- _WHAT THE EXERCISE ASKS_
State how many lines of the data below hold the string "mulmonE", giving nothing but the number.

Collected data entries:
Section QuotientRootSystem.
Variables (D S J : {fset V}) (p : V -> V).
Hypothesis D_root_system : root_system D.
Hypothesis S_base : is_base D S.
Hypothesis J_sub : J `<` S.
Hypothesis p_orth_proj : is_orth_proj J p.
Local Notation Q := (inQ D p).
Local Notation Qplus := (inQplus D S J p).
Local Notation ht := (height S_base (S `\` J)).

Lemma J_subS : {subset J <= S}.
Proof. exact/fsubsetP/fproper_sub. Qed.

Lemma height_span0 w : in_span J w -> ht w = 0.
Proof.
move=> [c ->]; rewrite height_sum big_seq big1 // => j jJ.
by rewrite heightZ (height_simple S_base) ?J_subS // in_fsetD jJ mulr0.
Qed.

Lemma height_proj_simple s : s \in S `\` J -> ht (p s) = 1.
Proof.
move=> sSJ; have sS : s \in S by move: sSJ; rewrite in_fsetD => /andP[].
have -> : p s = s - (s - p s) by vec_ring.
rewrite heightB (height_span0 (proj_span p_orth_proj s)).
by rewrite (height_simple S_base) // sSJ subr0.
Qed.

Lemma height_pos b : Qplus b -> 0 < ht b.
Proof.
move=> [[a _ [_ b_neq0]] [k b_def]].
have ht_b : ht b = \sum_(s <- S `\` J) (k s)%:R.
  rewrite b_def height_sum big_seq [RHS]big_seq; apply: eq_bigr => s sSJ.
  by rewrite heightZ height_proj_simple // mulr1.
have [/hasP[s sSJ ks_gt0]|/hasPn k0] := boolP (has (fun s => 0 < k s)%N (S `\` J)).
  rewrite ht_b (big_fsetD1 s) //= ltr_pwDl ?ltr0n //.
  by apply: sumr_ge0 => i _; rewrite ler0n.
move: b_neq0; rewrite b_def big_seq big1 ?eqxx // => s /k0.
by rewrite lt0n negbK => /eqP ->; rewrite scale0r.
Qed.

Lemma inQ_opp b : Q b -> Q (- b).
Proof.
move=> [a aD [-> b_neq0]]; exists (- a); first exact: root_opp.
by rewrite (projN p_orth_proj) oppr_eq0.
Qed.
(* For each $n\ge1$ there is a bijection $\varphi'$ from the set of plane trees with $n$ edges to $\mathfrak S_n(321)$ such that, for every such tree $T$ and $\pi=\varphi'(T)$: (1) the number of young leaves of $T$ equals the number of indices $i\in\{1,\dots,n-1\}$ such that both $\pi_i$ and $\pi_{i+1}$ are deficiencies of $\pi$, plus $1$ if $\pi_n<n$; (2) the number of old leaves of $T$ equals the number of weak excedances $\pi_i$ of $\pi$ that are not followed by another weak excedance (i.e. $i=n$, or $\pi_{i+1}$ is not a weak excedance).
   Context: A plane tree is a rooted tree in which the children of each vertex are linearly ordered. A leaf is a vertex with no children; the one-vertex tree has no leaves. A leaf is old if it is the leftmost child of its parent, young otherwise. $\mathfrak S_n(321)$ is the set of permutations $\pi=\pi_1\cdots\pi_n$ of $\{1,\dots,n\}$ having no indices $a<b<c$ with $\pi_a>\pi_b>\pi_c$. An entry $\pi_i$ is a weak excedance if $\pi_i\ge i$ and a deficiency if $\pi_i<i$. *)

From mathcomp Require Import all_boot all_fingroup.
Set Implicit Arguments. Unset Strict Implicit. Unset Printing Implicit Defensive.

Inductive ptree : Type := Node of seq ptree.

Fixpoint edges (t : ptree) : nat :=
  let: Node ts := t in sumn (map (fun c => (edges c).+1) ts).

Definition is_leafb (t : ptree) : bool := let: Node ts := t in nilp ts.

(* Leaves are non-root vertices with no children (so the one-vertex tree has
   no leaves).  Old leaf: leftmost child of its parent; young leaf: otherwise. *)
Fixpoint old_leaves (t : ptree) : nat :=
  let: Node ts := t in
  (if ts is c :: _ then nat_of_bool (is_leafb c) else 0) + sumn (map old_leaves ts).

--

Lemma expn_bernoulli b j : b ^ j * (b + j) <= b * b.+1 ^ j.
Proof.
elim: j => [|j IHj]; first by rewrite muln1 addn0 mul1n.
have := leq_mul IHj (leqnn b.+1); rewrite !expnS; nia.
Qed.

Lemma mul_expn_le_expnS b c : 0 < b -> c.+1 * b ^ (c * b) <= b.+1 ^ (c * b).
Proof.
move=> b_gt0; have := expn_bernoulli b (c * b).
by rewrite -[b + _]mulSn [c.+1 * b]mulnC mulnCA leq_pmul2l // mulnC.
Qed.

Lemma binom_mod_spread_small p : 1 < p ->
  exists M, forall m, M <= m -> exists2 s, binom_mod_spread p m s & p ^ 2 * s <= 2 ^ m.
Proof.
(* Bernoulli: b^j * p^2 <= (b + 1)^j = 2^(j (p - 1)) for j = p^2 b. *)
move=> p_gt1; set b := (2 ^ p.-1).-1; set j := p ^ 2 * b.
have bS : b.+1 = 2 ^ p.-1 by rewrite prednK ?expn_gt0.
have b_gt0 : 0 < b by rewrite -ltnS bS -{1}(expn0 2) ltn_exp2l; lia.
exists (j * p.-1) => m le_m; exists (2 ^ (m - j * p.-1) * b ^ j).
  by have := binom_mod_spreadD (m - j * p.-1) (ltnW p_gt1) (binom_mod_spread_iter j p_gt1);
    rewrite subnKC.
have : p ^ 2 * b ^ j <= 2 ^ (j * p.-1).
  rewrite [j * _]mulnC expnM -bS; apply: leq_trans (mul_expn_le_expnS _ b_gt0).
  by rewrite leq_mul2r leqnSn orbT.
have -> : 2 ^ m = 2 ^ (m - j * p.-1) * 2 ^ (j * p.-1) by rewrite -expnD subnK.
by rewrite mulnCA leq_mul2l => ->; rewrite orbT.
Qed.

...

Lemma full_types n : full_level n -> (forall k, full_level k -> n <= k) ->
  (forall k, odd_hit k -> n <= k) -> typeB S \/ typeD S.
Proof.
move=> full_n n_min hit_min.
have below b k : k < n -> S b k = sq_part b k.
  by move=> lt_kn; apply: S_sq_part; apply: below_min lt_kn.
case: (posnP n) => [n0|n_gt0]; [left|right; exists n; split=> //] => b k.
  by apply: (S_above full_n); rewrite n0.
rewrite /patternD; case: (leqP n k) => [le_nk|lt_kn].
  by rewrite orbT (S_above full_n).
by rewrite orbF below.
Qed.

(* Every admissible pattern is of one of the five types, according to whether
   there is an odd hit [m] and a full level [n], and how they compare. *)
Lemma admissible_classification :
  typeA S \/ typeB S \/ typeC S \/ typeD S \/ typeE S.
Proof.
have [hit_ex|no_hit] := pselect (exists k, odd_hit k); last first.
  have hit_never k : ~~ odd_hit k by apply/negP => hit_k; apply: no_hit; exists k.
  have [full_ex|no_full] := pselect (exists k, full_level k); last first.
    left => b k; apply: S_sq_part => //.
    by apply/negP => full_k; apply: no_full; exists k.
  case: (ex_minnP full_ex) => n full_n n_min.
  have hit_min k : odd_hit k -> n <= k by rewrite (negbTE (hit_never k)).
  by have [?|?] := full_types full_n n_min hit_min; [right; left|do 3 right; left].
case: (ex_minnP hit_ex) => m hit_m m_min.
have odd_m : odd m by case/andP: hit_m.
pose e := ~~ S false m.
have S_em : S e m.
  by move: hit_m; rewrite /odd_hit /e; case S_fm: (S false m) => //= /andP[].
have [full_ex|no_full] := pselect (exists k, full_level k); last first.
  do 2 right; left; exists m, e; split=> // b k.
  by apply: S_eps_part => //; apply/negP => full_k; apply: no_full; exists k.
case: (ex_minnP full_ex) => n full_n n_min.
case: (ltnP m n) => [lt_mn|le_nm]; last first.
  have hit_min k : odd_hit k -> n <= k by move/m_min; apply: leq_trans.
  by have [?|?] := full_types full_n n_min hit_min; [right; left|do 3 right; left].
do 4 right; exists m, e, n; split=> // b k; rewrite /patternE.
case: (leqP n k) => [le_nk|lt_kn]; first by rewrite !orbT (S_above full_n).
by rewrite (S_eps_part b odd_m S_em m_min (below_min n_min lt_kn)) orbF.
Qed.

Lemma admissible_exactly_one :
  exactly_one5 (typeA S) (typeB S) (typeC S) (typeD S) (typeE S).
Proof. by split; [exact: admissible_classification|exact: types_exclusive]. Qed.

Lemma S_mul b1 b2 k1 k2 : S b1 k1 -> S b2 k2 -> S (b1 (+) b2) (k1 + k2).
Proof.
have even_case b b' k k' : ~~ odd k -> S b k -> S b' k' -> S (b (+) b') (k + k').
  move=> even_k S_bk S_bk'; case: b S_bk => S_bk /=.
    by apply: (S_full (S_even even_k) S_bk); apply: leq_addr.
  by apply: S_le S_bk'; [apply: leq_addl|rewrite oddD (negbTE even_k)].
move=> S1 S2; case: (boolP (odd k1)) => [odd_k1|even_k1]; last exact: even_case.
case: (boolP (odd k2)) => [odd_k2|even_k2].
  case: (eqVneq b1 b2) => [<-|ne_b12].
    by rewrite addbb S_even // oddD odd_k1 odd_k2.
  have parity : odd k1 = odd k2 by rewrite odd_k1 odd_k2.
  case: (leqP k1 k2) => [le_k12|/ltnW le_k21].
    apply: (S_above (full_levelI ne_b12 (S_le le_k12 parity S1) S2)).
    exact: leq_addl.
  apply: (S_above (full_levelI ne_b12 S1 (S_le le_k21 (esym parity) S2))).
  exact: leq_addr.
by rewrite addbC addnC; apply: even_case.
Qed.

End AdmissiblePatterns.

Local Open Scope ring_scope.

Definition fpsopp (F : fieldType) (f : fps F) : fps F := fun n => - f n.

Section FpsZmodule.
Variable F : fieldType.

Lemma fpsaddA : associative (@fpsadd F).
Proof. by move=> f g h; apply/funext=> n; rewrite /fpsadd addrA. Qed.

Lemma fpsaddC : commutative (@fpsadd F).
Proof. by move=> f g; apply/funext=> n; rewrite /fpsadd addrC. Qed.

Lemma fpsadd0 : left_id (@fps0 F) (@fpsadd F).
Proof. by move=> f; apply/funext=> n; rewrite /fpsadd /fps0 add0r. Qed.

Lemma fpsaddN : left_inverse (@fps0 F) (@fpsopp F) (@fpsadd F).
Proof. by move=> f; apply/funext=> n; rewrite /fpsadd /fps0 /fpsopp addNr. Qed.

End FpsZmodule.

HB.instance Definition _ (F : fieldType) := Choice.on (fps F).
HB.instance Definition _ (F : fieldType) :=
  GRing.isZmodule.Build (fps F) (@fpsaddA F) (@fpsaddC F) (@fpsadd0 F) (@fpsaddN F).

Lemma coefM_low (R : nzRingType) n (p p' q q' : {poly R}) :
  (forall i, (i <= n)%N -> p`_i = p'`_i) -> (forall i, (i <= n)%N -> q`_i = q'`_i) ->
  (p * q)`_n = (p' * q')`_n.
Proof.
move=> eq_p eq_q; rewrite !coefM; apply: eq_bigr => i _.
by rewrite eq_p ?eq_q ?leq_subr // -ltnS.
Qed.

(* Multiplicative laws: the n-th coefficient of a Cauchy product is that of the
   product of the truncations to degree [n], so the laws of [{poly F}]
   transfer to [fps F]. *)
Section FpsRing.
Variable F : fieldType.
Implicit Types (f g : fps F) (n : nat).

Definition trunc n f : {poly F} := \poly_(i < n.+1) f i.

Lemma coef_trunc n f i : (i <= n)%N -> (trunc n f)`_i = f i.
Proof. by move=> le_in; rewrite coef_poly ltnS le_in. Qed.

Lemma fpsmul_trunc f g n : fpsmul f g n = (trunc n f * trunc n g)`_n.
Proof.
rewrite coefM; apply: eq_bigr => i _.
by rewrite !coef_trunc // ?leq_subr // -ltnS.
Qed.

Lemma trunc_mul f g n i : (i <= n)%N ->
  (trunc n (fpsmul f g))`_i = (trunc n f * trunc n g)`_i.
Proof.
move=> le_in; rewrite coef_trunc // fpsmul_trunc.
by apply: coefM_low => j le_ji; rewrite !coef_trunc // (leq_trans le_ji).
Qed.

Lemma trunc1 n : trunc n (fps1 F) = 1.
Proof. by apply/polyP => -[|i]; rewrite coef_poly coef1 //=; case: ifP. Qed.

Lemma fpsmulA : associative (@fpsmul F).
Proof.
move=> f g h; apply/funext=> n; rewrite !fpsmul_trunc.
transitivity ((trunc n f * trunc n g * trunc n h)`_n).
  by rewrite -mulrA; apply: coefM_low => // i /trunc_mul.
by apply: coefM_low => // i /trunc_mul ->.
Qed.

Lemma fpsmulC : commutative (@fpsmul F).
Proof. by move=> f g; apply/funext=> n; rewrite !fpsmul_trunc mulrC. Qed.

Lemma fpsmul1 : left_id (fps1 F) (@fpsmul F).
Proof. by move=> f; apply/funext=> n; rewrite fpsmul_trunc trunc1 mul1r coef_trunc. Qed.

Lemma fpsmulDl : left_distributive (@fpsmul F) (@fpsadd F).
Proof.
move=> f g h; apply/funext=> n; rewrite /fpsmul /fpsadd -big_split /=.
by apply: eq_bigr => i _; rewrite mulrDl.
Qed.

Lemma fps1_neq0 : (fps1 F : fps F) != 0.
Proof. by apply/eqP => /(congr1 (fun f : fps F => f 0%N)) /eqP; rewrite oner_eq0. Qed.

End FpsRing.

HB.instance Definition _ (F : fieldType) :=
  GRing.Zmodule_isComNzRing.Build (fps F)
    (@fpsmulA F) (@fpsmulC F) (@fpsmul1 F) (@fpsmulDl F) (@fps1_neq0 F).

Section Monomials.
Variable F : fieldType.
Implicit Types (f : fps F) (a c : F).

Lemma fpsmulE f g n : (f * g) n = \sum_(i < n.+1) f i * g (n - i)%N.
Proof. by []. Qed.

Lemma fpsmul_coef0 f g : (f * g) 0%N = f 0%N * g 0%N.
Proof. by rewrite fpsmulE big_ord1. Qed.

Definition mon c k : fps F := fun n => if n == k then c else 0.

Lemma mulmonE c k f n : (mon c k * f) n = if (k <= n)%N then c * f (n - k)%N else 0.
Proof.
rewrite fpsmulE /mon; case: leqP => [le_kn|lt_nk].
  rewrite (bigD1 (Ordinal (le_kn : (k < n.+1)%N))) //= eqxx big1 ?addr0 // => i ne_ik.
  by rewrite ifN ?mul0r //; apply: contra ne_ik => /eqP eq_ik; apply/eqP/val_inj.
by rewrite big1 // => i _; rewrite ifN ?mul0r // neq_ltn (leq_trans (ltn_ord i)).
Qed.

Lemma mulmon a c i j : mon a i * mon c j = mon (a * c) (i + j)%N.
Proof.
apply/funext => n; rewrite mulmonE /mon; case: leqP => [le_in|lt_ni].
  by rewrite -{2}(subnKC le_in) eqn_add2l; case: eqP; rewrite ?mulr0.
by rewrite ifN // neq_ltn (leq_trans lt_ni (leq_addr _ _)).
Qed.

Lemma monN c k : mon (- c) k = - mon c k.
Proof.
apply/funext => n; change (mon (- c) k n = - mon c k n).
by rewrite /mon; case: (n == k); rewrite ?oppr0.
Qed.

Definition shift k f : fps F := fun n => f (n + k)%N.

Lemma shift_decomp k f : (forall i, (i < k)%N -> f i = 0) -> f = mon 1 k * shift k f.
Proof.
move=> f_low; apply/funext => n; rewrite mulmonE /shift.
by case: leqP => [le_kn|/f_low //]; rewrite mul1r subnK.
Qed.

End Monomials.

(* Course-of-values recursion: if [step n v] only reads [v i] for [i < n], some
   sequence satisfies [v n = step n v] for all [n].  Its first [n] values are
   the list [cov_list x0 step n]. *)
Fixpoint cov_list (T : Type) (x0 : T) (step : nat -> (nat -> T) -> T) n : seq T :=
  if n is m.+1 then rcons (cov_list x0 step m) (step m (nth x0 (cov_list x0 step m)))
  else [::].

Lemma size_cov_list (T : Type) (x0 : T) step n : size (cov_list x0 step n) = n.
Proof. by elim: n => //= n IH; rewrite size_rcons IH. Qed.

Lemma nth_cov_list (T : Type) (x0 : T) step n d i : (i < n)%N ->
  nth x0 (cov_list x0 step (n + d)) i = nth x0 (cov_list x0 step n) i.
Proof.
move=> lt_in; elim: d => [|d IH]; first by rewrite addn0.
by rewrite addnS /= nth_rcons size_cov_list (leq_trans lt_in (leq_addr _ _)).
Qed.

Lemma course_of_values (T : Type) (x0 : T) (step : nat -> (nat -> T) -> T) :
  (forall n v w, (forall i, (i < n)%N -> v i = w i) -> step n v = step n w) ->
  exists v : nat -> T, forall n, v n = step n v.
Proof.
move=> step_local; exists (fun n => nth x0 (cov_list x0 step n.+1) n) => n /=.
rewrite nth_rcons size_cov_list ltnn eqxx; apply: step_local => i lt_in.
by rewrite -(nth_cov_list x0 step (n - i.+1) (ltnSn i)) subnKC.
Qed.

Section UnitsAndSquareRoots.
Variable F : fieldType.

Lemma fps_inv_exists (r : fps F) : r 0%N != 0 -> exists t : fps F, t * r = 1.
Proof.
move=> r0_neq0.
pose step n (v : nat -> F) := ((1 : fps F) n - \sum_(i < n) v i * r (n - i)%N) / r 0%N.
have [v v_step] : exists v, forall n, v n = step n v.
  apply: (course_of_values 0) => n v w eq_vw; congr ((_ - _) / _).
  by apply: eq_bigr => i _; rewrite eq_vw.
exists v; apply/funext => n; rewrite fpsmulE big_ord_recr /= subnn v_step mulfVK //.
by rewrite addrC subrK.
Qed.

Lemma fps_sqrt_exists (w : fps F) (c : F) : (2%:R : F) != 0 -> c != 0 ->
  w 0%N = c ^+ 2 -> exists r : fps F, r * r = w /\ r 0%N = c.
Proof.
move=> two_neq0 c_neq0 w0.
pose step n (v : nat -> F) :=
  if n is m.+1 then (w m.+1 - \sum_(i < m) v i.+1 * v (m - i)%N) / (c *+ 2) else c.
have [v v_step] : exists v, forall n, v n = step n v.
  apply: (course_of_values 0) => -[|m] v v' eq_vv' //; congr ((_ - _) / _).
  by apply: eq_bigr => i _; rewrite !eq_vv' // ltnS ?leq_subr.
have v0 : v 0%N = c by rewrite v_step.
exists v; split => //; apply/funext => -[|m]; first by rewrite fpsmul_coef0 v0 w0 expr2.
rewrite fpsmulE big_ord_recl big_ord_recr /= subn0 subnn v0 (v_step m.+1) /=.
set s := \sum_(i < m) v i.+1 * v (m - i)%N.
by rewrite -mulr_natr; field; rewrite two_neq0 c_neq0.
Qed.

- _COMPLETED EXERCISE_
3